-- Directions for this task --
Return the whole listing, keeping every character the same.

-- Data to examine --
====
(* Let $(t^\ell)_{\ell\in\mathbb{N}}$ be a sequence of positive numbers with $t^\ell\to0$. Suppose that for each $\ell$, $x^\ell\in M_{t^\ell}$ is a Karush-Kuhn-Tucker point of $\mathrm{MPOC}_{t^\ell}$, and that $x^\ell\to\bar x$. If $\bar x\in M$ and LICQ holds at $\bar x$, then $\bar x$ is a T-stationary point of MPOC.
   Context: MPOC: minimize $f(x)$ subject to $x\in M=\{x\in\mathbb{R}^n \mid h_i(x)=0,\ i\in I;\ g_j(x)\ge 0,\ j\in J;\ F_{1,m}(x)F_{2,m}(x)=0,\ F_{2,m}(x)\ge 0,\ m=1,\dots,k\}$, all functions $C^2$, $I,J$ finite. For $t>0$, the Scholtes-type regularization $\mathrm{MPOC}_t$ is the nonlinear program: minimize $f(x)$ subject to $x\in M_t=\{x\mid h_i(x)=0\ (i\in I),\ g_j(x)\ge0\ (j\in J),\ -t\le F_{1,m}(x)F_{2,m}(x)\le t,\ F_{2,m}(x)\ge0\ (m=1,\dots,k)\}$; a KKT point is a feasible point satisfying the standard Karush-Kuhn-Tucker conditions for this smooth program (gradient of $f$ equals a combination of constraint gradients with nonnegative multipliers for inequality constraints and complementary slackness). Index sets at $\bar x\in M$: $J_0(\bar x)=\{j\mid g_j(\bar x)=0\}$, $a_{00}(\bar x)=\{m\mid F_{1,m}(\bar x)=0=F_{2,m}(\bar x)\}$, $a_{01}(\bar x)=\{m\mid F_{1,m}(\bar x)=0,F_{2,m}(\bar x)>0\}$, $a_{10}(\bar x)=\{m\mid F_{1,m}(\bar x)\ne0,F_{2,m}(\bar x)=0\}$. LICQ at $\bar x$: $Dh_i(\bar x)$ ($i\in I$), $Dg_j(\bar x)$ ($j\in J_0(\bar x)$), $DF_{1,m}(\bar x)$ ($m\in a_{01}\cup a_{00}$), $DF_{2,m}(\bar x)$ ($m\in a_{10}\cup a_{00}$) linearly independent. T-stationary point: $\bar x\in M$ with multipliers $\bar\lambda_i,\bar\mu_j$ ($j\in J_0(\bar x)$), $\bar\sigma_{1,m}$ ($m\in a_{01}$), $\bar\sigma_{2,m}$ ($m\in a_{10}$), $\bar\varrho_{1,m},\bar\varrho_{2,m}$ ($m\in a_{00}$) such that $Df(\bar x)=\sum_{I}\bar\lambda_iDh_i+\sum_{J_0}\bar\mu_jDg_j+\sum_{a_{01}}\bar\sigma_{1,m}DF_{1,m}+\sum_{a_{10}}\bar\sigma_{2,m}DF_{2,m}+\sum_{a_{00}}(\bar\varrho_{1,m}DF_{1,m}+\bar\varrho_{2,m}DF_{2,m})$ (at $\bar x$), $\bar\mu_j\ge0$, and $\bar\varrho_{1,m}=0$ or $\bar\varrho_{2,m}\le0$ for each $m\in a_{00}(\bar x)$. *)

From HB Require Import structures.
From mathcomp Require Import all_boot all_order all_algebra.
From mathcomp Require Import all_classical all_reals all_analysis.
Set Implicit Arguments. Unset Strict Implicit. Unset Printing Implicit Defensive.
Import Order.TTheory GRing.Theory Num.Theory.
Import numFieldNormedType.Exports.
Local Open Scope ring_scope.
Local Open Scope classical_set_scope.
====
-- Answer section --
(* Let $(t^\ell)_{\ell\in\mathbb{N}}$ be a sequence of positive numbers with $t^\ell\to0$. Suppose that for each $\ell$, $x^\ell\in M_{t^\ell}$ is a Karush-Kuhn-Tucker point of $\mathrm{MPOC}_{t^\ell}$, and that $x^\ell\to\bar x$. If $\bar x\in M$ and LICQ holds at $\bar x$, then $\bar x$ is a T-stationary point of MPOC.
   Context: MPOC: minimize $f(x)$ subject to $x\in M=\{x\in\mathbb{R}^n \mid h_i(x)=0,\ i\in I;\ g_j(x)\ge 0,\ j\in J;\ F_{1,m}(x)F_{2,m}(x)=0,\ F_{2,m}(x)\ge 0,\ m=1,\dots,k\}$, all functions $C^2$, $I,J$ finite. For $t>0$, the Scholtes-type regularization $\mathrm{MPOC}_t$ is the nonlinear program: minimize $f(x)$ subject to $x\in M_t=\{x\mid h_i(x)=0\ (i\in I),\ g_j(x)\ge0\ (j\in J),\ -t\le F_{1,m}(x)F_{2,m}(x)\le t,\ F_{2,m}(x)\ge0\ (m=1,\dots,k)\}$; a KKT point is a feasible point satisfying the standard Karush-Kuhn-Tucker conditions for this smooth program (gradient of $f$ equals a combination of constraint gradients with nonnegative multipliers for inequality constraints and complementary slackness). Index sets at $\bar x\in M$: $J_0(\bar x)=\{j\mid g_j(\bar x)=0\}$, $a_{00}(\bar x)=\{m\mid F_{1,m}(\bar x)=0=F_{2,m}(\bar x)\}$, $a_{01}(\bar x)=\{m\mid F_{1,m}(\bar x)=0,F_{2,m}(\bar x)>0\}$, $a_{10}(\bar x)=\{m\mid F_{1,m}(\bar x)\ne0,F_{2,m}(\bar x)=0\}$. LICQ at $\bar x$: $Dh_i(\bar x)$ ($i\in I$), $Dg_j(\bar x)$ ($j\in J_0(\bar x)$), $DF_{1,m}(\bar x)$ ($m\in a_{01}\cup a_{00}$), $DF_{2,m}(\bar x)$ ($m\in a_{10}\cup a_{00}$) linearly independent. T-stationary point: $\bar x\in M$ with multipliers $\bar\lambda_i,\bar\mu_j$ ($j\in J_0(\bar x)$), $\bar\sigma_{1,m}$ ($m\in a_{01}$), $\bar\sigma_{2,m}$ ($m\in a_{10}$), $\bar\varrho_{1,m},\bar\varrho_{2,m}$ ($m\in a_{00}$) such that $Df(\bar x)=\sum_{I}\bar\lambda_iDh_i+\sum_{J_0}\bar\mu_jDg_j+\sum_{a_{01}}\bar\sigma_{1,m}DF_{1,m}+\sum_{a_{10}}\bar\sigma_{2,m}DF_{2,m}+\sum_{a_{00}}(\bar\varrho_{1,m}DF_{1,m}+\bar\varrho_{2,m}DF_{2,m})$ (at $\bar x$), $\bar\mu_j\ge0$, and $\bar\varrho_{1,m}=0$ or $\bar\varrho_{2,m}\le0$ for each $m\in a_{00}(\bar x)$. *)

From HB Require Import structures.
From mathcomp Require Import all_boot all_order all_algebra.
From mathcomp Require Import all_classical all_reals all_analysis.
Set Implicit Arguments. Unset Strict Implicit. Unset Printing Implicit Defensive.
Import Order.TTheory GRing.Theory Num.Theory.
Import numFieldNormedType.Exports.
Local Open Scope ring_scope.
Local Open Scope classical_set_scope.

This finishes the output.